# The problem
From the records, pick out and copy each line containing "lerDl".

Supplied records Block Start

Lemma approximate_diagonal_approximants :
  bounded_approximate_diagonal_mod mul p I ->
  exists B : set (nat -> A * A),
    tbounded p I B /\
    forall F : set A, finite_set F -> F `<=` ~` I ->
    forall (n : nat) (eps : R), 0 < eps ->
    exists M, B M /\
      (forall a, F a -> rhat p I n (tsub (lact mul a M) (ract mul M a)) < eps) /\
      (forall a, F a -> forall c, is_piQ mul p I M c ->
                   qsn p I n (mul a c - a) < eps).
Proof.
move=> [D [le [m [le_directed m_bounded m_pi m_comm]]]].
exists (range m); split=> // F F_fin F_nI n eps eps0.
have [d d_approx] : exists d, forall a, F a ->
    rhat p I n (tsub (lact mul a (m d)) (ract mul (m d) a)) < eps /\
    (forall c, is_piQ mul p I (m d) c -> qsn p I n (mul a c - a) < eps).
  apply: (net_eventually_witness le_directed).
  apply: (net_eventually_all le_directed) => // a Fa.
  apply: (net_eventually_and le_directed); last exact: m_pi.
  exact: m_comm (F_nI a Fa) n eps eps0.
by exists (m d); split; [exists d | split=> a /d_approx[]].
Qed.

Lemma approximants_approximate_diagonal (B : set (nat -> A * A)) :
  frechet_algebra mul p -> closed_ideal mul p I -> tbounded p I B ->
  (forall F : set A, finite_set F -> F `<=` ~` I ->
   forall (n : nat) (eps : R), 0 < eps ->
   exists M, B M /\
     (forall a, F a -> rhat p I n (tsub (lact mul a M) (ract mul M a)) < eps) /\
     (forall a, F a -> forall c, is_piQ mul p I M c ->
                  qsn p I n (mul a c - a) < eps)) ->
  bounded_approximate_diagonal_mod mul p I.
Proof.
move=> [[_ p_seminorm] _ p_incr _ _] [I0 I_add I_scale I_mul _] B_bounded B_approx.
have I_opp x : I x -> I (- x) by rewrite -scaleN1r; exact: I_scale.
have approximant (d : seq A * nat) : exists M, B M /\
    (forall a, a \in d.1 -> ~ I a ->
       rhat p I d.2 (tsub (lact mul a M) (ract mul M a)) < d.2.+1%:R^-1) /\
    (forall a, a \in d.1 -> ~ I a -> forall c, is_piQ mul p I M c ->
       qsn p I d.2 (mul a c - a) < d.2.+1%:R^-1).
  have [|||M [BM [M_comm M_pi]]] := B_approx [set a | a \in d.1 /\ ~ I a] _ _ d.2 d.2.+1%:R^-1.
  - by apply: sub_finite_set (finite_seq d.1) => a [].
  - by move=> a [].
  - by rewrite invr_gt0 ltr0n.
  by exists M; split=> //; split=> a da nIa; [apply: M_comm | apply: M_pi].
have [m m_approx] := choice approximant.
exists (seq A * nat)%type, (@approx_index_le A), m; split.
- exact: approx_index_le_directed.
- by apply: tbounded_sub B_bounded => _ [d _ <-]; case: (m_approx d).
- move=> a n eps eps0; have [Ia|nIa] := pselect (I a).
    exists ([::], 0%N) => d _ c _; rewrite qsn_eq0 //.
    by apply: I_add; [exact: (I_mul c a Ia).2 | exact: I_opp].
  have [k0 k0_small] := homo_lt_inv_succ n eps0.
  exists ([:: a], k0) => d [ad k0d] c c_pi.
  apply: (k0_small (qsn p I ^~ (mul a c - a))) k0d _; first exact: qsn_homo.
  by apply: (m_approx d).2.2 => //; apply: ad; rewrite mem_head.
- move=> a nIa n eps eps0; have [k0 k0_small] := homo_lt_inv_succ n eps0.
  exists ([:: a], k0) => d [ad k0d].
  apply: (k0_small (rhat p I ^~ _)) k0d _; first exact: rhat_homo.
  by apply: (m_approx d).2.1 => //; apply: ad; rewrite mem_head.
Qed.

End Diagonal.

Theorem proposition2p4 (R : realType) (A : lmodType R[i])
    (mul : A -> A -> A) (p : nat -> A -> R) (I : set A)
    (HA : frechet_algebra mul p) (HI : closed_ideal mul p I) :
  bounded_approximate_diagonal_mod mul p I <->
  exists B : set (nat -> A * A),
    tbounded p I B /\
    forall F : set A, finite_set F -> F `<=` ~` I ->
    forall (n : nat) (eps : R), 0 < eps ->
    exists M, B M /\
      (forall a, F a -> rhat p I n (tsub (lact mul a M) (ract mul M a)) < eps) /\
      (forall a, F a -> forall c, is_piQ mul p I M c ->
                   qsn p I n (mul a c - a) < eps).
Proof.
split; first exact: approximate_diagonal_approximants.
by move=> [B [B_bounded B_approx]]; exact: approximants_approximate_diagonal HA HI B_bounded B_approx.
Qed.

Supplied records Block End
Supplied records Block Start

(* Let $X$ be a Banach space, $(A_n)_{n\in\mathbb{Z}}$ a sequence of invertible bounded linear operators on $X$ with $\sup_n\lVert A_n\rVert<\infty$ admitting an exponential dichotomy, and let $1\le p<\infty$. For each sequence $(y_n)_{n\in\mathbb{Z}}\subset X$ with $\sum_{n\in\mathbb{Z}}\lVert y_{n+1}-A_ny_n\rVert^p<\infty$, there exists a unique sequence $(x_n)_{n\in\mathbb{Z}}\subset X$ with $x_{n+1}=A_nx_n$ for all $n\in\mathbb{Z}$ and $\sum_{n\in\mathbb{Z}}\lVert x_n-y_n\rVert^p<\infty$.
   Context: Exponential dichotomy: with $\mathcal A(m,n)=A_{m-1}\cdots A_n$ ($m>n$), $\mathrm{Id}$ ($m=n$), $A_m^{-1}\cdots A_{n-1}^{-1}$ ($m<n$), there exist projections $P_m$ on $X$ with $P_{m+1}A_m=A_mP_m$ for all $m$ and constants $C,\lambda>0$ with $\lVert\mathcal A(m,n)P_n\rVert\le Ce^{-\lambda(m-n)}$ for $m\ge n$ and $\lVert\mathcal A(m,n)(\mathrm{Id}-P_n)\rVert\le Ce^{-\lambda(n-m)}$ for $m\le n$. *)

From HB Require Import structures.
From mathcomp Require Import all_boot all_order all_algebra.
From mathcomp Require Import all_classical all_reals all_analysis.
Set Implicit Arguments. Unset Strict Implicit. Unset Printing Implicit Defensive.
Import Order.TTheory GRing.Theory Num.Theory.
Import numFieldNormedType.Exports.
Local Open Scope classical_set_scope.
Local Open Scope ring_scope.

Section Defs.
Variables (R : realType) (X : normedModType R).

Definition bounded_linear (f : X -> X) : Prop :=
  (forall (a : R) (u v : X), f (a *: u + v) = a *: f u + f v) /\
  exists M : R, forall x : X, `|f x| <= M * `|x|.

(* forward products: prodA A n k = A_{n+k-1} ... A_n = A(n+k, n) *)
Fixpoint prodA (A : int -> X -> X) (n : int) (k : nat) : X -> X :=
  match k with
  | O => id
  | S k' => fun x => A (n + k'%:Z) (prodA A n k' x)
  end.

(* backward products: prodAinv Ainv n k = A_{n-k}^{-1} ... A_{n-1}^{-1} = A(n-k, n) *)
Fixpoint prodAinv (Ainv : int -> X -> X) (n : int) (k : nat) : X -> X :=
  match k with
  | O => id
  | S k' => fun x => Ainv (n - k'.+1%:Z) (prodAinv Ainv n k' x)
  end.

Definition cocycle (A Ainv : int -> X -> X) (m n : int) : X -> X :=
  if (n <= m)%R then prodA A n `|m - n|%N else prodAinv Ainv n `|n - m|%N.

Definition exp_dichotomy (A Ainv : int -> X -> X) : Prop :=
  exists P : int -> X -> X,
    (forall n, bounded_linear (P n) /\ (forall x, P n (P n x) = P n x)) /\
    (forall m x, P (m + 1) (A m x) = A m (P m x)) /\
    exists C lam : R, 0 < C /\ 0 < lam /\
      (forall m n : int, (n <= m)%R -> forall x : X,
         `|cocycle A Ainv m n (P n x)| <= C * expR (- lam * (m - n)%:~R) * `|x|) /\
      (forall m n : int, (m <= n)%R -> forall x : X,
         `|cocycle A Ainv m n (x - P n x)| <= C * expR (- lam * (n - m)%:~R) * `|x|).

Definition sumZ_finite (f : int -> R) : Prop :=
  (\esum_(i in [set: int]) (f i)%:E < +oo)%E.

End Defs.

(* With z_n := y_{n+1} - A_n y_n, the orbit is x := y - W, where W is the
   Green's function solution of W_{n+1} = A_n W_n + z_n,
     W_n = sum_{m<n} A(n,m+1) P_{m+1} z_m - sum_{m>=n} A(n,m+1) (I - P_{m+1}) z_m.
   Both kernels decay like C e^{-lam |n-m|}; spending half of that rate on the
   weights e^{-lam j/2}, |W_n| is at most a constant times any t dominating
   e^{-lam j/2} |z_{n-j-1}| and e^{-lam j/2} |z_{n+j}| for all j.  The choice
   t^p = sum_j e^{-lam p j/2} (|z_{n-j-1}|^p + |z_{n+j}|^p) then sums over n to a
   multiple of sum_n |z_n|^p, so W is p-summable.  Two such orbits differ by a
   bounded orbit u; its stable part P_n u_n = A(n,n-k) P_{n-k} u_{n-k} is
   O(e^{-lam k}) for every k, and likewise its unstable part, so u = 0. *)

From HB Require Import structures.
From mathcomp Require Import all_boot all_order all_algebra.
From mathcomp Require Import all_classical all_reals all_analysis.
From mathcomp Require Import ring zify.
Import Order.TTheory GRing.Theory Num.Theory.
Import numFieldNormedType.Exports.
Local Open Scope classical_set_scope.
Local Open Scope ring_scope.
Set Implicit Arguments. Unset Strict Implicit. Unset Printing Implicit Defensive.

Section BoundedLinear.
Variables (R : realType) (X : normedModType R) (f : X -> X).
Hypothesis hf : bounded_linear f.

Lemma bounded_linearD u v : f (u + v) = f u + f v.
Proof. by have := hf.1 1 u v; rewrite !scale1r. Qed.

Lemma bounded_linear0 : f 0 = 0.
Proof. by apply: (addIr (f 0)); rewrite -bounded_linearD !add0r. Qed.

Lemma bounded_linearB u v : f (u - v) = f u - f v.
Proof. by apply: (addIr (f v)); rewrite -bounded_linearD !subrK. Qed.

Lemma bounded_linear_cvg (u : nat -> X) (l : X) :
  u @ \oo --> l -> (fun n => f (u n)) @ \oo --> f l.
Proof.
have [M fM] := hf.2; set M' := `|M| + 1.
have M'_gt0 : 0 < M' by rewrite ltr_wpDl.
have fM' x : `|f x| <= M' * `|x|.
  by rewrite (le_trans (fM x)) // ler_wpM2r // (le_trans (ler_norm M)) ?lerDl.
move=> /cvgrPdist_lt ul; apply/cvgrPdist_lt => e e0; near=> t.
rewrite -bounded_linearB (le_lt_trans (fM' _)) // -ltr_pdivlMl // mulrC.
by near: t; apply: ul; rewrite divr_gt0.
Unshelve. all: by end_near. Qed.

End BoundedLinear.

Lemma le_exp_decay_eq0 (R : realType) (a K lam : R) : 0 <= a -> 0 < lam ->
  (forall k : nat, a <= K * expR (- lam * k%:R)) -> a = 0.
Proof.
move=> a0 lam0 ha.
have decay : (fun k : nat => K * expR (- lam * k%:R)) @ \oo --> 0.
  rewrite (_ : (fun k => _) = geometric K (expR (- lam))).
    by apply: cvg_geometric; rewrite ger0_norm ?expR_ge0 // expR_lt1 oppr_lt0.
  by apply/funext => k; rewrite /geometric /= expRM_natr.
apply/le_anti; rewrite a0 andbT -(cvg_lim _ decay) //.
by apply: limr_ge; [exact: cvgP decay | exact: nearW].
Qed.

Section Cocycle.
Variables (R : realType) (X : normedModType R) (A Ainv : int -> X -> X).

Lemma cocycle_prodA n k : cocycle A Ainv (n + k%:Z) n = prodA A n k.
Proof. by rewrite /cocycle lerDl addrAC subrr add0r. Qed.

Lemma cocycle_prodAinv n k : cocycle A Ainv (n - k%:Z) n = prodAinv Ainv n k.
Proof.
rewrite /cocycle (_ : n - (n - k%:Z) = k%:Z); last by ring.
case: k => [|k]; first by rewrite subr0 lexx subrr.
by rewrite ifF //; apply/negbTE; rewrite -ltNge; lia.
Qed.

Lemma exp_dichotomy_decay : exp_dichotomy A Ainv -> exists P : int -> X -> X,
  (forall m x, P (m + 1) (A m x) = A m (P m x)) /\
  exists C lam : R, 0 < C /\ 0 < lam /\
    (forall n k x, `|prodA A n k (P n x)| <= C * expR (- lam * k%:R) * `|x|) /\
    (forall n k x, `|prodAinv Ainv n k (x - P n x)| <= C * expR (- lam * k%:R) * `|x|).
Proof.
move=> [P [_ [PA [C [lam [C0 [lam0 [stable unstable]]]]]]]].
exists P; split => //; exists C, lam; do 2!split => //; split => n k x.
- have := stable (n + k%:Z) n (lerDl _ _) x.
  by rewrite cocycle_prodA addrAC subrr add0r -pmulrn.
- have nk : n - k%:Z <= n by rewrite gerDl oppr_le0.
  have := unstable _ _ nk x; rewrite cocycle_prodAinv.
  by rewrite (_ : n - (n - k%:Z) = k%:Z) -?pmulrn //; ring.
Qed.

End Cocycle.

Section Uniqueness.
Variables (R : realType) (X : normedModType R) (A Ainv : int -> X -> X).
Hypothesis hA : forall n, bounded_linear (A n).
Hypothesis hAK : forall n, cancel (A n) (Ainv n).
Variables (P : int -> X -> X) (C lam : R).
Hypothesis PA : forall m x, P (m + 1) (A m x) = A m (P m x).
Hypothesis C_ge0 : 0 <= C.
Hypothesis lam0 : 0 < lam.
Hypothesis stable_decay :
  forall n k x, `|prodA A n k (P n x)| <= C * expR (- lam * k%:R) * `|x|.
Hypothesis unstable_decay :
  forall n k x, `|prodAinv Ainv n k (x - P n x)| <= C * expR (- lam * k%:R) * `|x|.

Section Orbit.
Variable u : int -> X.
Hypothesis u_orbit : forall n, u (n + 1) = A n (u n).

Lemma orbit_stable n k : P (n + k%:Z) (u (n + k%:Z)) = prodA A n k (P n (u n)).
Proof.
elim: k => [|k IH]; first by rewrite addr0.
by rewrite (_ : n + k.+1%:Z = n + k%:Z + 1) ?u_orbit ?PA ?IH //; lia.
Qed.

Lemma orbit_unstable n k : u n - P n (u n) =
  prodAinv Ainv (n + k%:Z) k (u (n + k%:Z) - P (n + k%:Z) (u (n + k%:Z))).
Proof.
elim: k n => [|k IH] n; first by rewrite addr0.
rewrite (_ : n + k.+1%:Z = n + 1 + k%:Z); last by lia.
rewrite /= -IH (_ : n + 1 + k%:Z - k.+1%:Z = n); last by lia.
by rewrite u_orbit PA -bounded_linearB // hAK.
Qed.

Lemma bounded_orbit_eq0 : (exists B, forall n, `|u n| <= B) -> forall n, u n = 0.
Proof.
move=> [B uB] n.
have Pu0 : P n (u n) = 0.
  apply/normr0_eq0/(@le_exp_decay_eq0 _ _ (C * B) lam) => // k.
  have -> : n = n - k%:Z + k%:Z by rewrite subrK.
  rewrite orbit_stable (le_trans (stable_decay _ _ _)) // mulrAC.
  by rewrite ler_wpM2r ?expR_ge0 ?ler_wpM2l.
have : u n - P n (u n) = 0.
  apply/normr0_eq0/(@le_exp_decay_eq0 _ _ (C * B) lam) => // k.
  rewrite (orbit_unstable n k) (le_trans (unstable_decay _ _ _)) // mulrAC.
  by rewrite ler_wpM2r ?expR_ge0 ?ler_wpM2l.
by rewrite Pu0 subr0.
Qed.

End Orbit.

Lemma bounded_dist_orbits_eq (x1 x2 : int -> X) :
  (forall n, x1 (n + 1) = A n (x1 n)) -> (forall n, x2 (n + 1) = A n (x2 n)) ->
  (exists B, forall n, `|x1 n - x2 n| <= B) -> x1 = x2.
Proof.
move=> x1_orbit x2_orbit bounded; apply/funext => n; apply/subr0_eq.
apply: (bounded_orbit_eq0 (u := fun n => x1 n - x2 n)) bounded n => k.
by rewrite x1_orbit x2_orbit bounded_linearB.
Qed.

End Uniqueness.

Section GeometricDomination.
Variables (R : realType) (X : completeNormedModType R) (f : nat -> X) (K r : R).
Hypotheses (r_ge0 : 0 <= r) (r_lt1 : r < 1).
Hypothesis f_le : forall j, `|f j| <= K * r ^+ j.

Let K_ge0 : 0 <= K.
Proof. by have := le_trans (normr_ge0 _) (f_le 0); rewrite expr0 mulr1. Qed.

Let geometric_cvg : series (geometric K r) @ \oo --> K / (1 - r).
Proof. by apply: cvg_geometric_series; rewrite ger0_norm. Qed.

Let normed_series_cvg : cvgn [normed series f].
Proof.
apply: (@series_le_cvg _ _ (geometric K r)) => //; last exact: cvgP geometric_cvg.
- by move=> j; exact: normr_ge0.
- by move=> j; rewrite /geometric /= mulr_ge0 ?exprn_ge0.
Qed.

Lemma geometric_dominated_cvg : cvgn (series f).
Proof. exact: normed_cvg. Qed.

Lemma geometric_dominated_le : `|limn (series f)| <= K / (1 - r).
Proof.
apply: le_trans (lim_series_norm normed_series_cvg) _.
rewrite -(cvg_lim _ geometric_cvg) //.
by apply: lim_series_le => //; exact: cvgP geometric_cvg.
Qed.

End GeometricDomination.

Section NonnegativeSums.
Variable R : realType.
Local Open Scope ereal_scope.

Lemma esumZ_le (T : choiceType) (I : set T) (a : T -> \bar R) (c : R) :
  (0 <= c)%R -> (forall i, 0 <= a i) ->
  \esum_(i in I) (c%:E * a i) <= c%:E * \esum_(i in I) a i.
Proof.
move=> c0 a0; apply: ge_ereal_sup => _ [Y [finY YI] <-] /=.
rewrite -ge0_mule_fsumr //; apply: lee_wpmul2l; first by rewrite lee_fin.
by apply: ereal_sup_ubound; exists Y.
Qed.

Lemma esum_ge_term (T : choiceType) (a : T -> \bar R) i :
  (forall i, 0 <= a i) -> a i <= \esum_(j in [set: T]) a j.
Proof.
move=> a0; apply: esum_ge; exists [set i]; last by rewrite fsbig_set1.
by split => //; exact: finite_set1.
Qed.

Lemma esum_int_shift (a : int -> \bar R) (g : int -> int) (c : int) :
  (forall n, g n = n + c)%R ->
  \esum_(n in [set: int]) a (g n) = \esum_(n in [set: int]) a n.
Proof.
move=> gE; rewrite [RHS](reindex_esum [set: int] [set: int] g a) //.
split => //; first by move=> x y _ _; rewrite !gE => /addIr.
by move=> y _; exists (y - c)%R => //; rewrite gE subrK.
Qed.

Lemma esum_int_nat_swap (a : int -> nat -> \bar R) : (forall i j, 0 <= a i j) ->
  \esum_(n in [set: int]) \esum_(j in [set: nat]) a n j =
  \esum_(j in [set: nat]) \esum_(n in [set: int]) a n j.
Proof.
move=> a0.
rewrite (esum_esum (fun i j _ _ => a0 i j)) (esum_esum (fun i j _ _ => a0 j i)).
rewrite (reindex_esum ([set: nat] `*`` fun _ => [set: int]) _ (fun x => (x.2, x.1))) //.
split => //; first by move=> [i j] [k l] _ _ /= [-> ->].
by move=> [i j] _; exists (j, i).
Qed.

Supplied records Block End
Supplied records Block Start

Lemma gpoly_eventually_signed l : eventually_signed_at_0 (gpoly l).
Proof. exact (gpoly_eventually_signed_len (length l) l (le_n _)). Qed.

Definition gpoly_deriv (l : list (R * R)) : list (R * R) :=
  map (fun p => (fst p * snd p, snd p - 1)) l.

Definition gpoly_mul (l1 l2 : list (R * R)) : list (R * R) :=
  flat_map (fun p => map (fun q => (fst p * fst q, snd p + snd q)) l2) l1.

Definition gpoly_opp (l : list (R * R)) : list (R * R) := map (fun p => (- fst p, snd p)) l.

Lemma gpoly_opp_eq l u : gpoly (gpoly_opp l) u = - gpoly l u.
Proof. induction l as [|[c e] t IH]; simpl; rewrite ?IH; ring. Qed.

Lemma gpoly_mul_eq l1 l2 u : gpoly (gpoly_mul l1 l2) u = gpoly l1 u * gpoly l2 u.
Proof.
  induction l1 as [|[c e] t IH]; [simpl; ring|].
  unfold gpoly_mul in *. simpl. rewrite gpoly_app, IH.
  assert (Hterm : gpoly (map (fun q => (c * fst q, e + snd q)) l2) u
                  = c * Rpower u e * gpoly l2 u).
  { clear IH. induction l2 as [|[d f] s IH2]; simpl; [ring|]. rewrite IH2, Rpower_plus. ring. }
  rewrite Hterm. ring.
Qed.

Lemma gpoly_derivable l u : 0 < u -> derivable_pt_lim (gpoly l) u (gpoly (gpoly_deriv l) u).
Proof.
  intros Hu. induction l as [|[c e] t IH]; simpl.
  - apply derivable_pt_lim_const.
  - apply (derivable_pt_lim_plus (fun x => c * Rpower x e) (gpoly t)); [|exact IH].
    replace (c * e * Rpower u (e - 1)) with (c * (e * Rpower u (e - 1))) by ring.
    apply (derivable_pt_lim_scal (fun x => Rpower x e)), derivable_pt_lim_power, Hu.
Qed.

Supplied records Block End

# Exercise response
  by rewrite (le_trans (fM x)) // ler_wpM2r // (le_trans (ler_norm M)) ?lerDl.
Proof. by rewrite /cocycle lerDl addrAC subrr add0r. Qed.
- have := stable (n + k%:Z) n (lerDl _ _) x.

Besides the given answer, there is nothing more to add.